» RECORDS SUPPLIED
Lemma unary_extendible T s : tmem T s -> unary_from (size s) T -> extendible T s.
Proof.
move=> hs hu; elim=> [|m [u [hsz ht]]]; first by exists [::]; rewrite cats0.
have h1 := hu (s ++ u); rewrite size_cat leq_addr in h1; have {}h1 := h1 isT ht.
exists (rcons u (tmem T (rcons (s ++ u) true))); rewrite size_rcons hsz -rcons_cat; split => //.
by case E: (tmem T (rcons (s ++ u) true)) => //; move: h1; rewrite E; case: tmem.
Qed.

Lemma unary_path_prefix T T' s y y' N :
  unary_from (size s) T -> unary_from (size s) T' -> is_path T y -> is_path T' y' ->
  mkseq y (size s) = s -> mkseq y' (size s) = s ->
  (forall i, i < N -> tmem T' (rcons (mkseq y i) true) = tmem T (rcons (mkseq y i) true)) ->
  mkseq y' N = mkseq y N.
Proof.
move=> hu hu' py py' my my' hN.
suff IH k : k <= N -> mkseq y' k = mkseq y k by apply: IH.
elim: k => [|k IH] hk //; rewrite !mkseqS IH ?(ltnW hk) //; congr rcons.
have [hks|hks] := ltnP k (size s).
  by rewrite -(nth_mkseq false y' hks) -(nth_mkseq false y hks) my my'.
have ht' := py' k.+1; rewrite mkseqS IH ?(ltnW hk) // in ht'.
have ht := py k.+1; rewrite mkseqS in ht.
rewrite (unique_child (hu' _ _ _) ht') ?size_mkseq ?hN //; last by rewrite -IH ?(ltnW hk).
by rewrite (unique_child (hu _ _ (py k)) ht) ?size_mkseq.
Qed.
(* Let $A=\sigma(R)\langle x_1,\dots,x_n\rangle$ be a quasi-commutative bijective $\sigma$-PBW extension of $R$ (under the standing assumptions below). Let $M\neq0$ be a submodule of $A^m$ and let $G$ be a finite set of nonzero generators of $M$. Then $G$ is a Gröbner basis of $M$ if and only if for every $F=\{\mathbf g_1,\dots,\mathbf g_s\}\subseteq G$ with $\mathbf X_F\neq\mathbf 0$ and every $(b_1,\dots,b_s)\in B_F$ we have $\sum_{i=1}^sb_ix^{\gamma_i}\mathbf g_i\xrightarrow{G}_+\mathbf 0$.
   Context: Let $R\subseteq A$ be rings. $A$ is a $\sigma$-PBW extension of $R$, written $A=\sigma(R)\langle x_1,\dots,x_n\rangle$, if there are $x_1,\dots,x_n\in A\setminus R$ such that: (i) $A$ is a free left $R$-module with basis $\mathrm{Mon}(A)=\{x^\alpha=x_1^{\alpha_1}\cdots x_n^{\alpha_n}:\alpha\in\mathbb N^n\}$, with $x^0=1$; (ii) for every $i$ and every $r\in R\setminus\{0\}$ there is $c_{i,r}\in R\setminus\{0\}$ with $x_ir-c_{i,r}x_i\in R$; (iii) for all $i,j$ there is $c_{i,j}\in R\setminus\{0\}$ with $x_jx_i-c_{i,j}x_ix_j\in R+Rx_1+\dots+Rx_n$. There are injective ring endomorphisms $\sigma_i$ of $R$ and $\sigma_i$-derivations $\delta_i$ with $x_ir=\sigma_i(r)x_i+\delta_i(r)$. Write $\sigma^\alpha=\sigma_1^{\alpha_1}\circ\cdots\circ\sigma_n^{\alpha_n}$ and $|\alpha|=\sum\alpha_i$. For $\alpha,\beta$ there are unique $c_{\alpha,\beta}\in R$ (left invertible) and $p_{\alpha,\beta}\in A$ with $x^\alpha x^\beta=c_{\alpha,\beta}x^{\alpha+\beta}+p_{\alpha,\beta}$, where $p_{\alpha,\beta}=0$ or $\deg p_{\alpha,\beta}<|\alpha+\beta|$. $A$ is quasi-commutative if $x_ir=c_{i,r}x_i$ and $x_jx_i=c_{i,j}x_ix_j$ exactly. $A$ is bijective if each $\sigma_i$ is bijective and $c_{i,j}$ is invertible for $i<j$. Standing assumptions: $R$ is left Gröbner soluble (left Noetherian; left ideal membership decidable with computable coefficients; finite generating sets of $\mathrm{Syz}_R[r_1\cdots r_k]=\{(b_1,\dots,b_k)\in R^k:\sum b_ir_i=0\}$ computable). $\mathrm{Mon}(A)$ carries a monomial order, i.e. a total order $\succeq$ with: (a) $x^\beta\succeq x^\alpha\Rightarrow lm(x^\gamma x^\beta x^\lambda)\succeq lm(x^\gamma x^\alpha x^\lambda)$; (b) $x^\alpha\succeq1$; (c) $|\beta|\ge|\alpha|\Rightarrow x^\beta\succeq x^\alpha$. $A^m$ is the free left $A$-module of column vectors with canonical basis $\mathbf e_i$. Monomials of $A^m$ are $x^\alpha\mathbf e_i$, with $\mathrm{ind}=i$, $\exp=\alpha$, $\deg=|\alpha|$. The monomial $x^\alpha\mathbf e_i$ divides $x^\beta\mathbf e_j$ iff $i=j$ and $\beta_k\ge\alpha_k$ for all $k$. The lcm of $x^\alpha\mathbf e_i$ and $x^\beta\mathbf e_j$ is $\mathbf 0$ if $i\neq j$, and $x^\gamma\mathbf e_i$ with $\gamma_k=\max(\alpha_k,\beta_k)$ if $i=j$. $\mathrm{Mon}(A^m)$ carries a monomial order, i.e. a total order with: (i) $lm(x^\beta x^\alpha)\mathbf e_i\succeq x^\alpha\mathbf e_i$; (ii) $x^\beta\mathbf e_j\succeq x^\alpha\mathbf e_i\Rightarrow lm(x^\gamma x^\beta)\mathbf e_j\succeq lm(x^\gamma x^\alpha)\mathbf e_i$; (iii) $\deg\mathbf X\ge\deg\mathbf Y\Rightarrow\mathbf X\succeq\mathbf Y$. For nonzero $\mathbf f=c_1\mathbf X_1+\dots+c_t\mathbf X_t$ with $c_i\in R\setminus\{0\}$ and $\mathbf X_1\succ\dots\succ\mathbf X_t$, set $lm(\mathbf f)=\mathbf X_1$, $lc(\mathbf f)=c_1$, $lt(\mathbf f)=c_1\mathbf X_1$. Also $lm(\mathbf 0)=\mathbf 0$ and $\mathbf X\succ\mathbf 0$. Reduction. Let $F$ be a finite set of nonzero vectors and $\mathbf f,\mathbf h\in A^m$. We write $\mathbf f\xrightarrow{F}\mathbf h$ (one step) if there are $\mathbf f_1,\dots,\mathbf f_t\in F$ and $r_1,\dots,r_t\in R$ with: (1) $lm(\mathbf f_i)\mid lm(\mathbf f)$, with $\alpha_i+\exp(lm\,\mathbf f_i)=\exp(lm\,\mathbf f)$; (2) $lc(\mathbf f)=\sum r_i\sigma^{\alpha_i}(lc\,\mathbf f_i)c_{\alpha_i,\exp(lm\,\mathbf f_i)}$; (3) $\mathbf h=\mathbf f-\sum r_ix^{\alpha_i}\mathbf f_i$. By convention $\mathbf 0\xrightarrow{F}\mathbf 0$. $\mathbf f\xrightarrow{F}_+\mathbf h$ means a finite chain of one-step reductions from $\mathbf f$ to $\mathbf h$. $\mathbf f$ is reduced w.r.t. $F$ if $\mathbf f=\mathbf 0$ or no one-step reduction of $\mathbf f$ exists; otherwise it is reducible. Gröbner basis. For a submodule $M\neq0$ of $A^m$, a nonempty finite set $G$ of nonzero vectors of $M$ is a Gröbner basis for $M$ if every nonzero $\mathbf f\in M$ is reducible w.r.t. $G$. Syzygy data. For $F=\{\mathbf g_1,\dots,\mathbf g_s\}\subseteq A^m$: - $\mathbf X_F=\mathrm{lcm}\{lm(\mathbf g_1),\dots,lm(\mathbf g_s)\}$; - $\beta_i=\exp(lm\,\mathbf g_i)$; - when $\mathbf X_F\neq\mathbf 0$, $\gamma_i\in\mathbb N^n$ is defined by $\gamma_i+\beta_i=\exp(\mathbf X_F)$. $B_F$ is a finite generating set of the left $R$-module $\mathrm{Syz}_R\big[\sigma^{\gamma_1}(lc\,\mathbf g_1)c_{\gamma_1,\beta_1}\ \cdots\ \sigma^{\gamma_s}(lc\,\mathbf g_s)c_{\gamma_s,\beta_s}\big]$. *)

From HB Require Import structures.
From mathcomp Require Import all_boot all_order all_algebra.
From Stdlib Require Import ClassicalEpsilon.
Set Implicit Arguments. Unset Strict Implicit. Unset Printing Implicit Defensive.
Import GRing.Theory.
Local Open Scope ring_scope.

» PROBLEM DETAILS
Find "From mathcomp Require" in the records. Copy its line and every line after it, exactly, through the last one.

» SOLVED PROBLEM
From mathcomp Require Import all_boot all_order all_algebra.
From Stdlib Require Import ClassicalEpsilon.
Set Implicit Arguments. Unset Strict Implicit. Unset Printing Implicit Defensive.
Import GRing.Theory.
Local Open Scope ring_scope.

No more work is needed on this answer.